Un dénouement tragique et pathétique
4. Oreste accuse le destin et les dieux de s’acharner contre lui, comme l’expriment les vers 2 et 3 : « Oui, je
te loue, ô Ciel ! de ta persévérance. / Appliqué sans relâche au soin de me punir ». Oreste, dès sa naissance,
était voué au malheur, à cause de la malédiction familiale : « J’étais né pour servir d’exemple à ta colère. » Le
châtiment final est délivré par les Érinyes, déesses de la vengeance, chargées de poursuivre les meurtriers. La
vision d’Hermione, qui prend place parmi ces divinités, va déchirer le corps d’Oreste et dévorer son coeur,
comme si cette punition renvoyait au crime initial d’Atrée, qui avait fait manger à Thyeste ses propres
enfants.
5. Le registre tragique est produit par l’abondance de phrases exclamatives, d’apostrophes, qui expriment
l’indignation et la peur du personnage, accablé par son destin. Oreste suscite la crainte par le meurtre qu’il a
commis et sa folie, mais aussi la pitié, puisqu’il a perdu Hermione, qu’il aimait, et que les dieux semblent
s’acharner à faire son malheur. La vision d’Hermione embrassant Pyrrhus dans la mort est violente et
douloureuse. Ce dénouement est ainsi pathétique : Oreste n’est pas seulement un criminel, il est aussi une
victime qui paye les fautes de ses ascendants.
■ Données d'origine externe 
Lemma condP_lt1_setD A B : measurable A -> measurable B -> (0 < P B)%E ->
  condP P A B < 1 -> (0 < P (B `\` A))%E.
Proof.
move=> mA mB PB lt1; rewrite lt0e measure_ge0 andbT; apply/eqP => PBA.
have PB_eq : P B = P (B `&` A).
  (* [measureDI] coerces [P] to a bare measure; restore [P]'s coercion for [PBA] *)
  by rewrite (measureDI P mB mA) -[X in (X + _)%E]/(P (B `\` A)) PBA add0e.
move: PB lt1; rewrite /condP PB_eq setIC => PBA_gt0.
rewrite divff ?ltxx // gt_eqF // fine_gt0 // PBA_gt0 ltey_eq fin_num_measure //.
exact: measurableI.
Qed.

End conditioning_on_partitions.

Section onehot.
Variables (R : realType) (K : nat).

Lemma onehot_inj : injective (@onehot R K).
Proof.
move=> y y' /(congr1 (fun f => f y)); rewrite /onehot eqxx.
by case: eqP => // _ /eqP; rewrite oner_eq0.
Qed.

Lemma onehot_calX (y : 'I_K) : in_calX (onehot (R:=R) y).
Proof.
split; first by move=> k; rewrite /onehot; case: (y == k); [right|left].
rewrite (bigD1 y) //= big1 ?addr0 /onehot ?eqxx // => i /negbTE.
by rewrite eq_sym => ->.
Qed.

Lemma onehot_indic (T : Type) (Y : T -> 'I_K) k w :
  onehot (R:=R) (Y w) k = \1_[set w | Y w = k] w.
Proof.
rewrite /onehot indicE; have [Yk|Ynk] := eqVneq (Y w) k; first by rewrite mem_set.
by rewrite memNset //; apply/eqP.
Qed.

End onehot.

Section pre_treatment_history.
Context {R : realType} {d : measure_display} {Omega : measurableType d}.
Variables (T0 K : nat) (D : Omega -> bool) (Y0 Y1 : nat -> Omega -> 'I_K).
Hypothesis mY0 : forall t (k : 'I_K), measurable [set w | Y0 t w = k].

Definition history (w : Omega) : {ffun 'I_T0 -> 'I_K} := [ffun i : 'I_T0 => Y0 i.+1 w].

Local Notation cell c := (history @^-1` [set c]).
Local Notation treated := [set w | D w].
Local Notation control := [set w | D w = false].

Lemma history_eqP w w' :
  history w' = history w <-> forall s, (1 <= s <= T0)%N -> Y0 s w' = Y0 s w.
Proof.
split => [/ffunP eq_h s /andP[s_gt0 s_le]|eq_Y0]; last first.
  by apply/ffunP => i; rewrite !ffunE eq_Y0 //= ltn_ord.
have s_lt : (s.-1 < T0)%N by rewrite prednK.
by have := eq_h (Ordinal s_lt); rewrite !ffunE /= prednK.
Qed.

Lemma measurable_cell c : measurable (cell c).
Proof.
have -> : cell c = \bigcap_(i in [set: 'I_T0]) [set w | Y0 i.+1 w = c i].
  apply/seteqP; split => w /=; first by move=> <- i _; rewrite ffunE.
  by move=> eq_c; apply/ffunP => i; rewrite ffunE; apply: eq_c.
by apply: fin_bigcap_measurable => //; exact: finite_finset.
Qed.

Lemma Xobs_pre s w : (s <= T0)%N -> Xobs T0 Y0 Y1 D s w = onehot (R:=R) (Y0 s w).
Proof. by move=> sT; rewrite /Xobs sT. Qed.

Lemma Xobs_treated t w k : (T0 < t)%N -> D w ->
  Xobs T0 Y0 Y1 D t w k = onehot (R:=R) (Y1 t w) k.
Proof. by move=> tT Dw; rewrite /Xobs leqNgt tT /= Dw subrr mul0r addr0 mul1r. Qed.

Lemma Xobs_control t w k : (T0 < t)%N -> D w = false ->
  Xobs T0 Y0 Y1 D t w k = onehot (R:=R) (Y0 t w) k.
Proof. by move=> tT Dw; rewrite /Xobs leqNgt tT /= Dw subr0 mul0r add0r mul1r. Qed.

Lemma pre_event_cell (xs : nat -> 'I_K -> R) w :
  (forall s, (1 <= s <= T0)%N -> xs s = onehot (Y0 s w)) ->
  pre_event T0 Y0 Y1 D xs = cell (history w).
Proof.
move=> xsE; apply/seteqP; split => w' /=.
  move=> eq_xs; apply/history_eqP => s sT; apply: (@onehot_inj R).
  by rewrite -xsE // -eq_xs // Xobs_pre //; case/andP: sT.
move=> /history_eqP eq_Y0 s sT; rewrite Xobs_pre; last by case/andP: sT.
by rewrite eq_Y0 // xsE.
Qed.

Lemma pre_event0_cell (xs : nat -> 'I_K -> R) w :
  (forall s, (1 <= s <= T0)%N -> xs s = onehot (Y0 s w)) ->
  pre_event0 T0 Y0 xs = cell (history w).
Proof.
move=> xsE; apply/seteqP; split => w' /=.
  move=> eq_xs; apply/history_eqP => s sT; apply: (@onehot_inj R).
  by rewrite -xsE // -eq_xs.
by move=> /history_eqP eq_Y0 s sT; rewrite eq_Y0 // xsE.
Qed.

Section conditioning_on_history.
Variable P : probability Omega R.
Hypothesis mD : measurable treated.
Variables (t : nat) (k : 'I_K).
Hypothesis t_post : (T0 < t)%N.

Local Notation B0 := [set w | Y0 t w = k].
Let mB0 : measurable B0 := mY0 t k.

Lemma measurable_control : measurable control.
Proof.
have -> : control = ~` treated by apply/seteqP; split => w /=; case: (D w).
exact: measurableC.
Qed.

Lemma condE_pre_D0_cell w :
  condE_pre_D0 T0 Y0 Y1 D P t k w = condP P B0 (cell (history w) `&` control).
Proof.
rewrite /condE_pre_D0 (pre_event_cell (w := w)) => [|s /andP[_ sT]]; last first.
  by rewrite Xobs_pre.
rewrite -condE_indic //; last exact: measurableI (measurable_cell _) measurable_control.
by apply: eq_condE => w' /[!inE] -[_ Dw']; rewrite Xobs_control // onehot_indic.
Qed.

Lemma integrable_condE_pre_D0 :
  P.-integrable treated (EFin \o condE_pre_D0 T0 Y0 Y1 D P t k).
Proof.
apply: eq_integrable (integrable_comp_fibers P measurable_cell
  (fun c => condP P B0 (cell c `&` control)) mD) => // w _.
by rewrite /= condE_pre_D0_cell.
Qed.

Hypothesis overlap : forall xs : nat -> 'I_K -> R,
  (forall s, (1 <= s <= T0)%N -> in_calX (xs s)) ->
  (0 < P (pre_event T0 Y0 Y1 D xs))%E ->
  condP P treated (pre_event T0 Y0 Y1 D xs) < 1.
6. Les visions évoquées peuvent susciter la terreur par leur aspect surnaturel et monstrueux. Les ruisseaux
de sang rappellent le meurtre commis et annoncent la mort d’Oreste. Les Érinyes sont des êtres
démoniaques et sauvages. Enfin, la dernière vision d’Hermione est menaçante, puisqu’elle s’apprête à
dévorer le coeur d’Oreste.
CONCLUSION
Le héros racinien se réfère à la Poétique d’Aristote. Pour ce philosophe, le héros doit être médiocre : ni trop
bon (pour permettre l’identification), ni trop mauvais (pour que son sort soit digne de pitié). Pour Racine, ses
héros sont coupables en bravant les interdits moraux et politiques ; mais ils sont aussi innocents dans leurs
aspirations au bonheur : ce sont donc des personnages complexes. Oreste devient criminel au nom de son
amour pour Hermione. Celui-ci paie donc le régicide qu’il a commis. Il est victime de sa démesure, qui
devient finalement une forme de folie. La pièce ayant été jouée devant le roi et sa cour, Racine a peut-être
voulu adresser un message implicite aux courtisans : il coûte cher de menacer le pouvoir royal.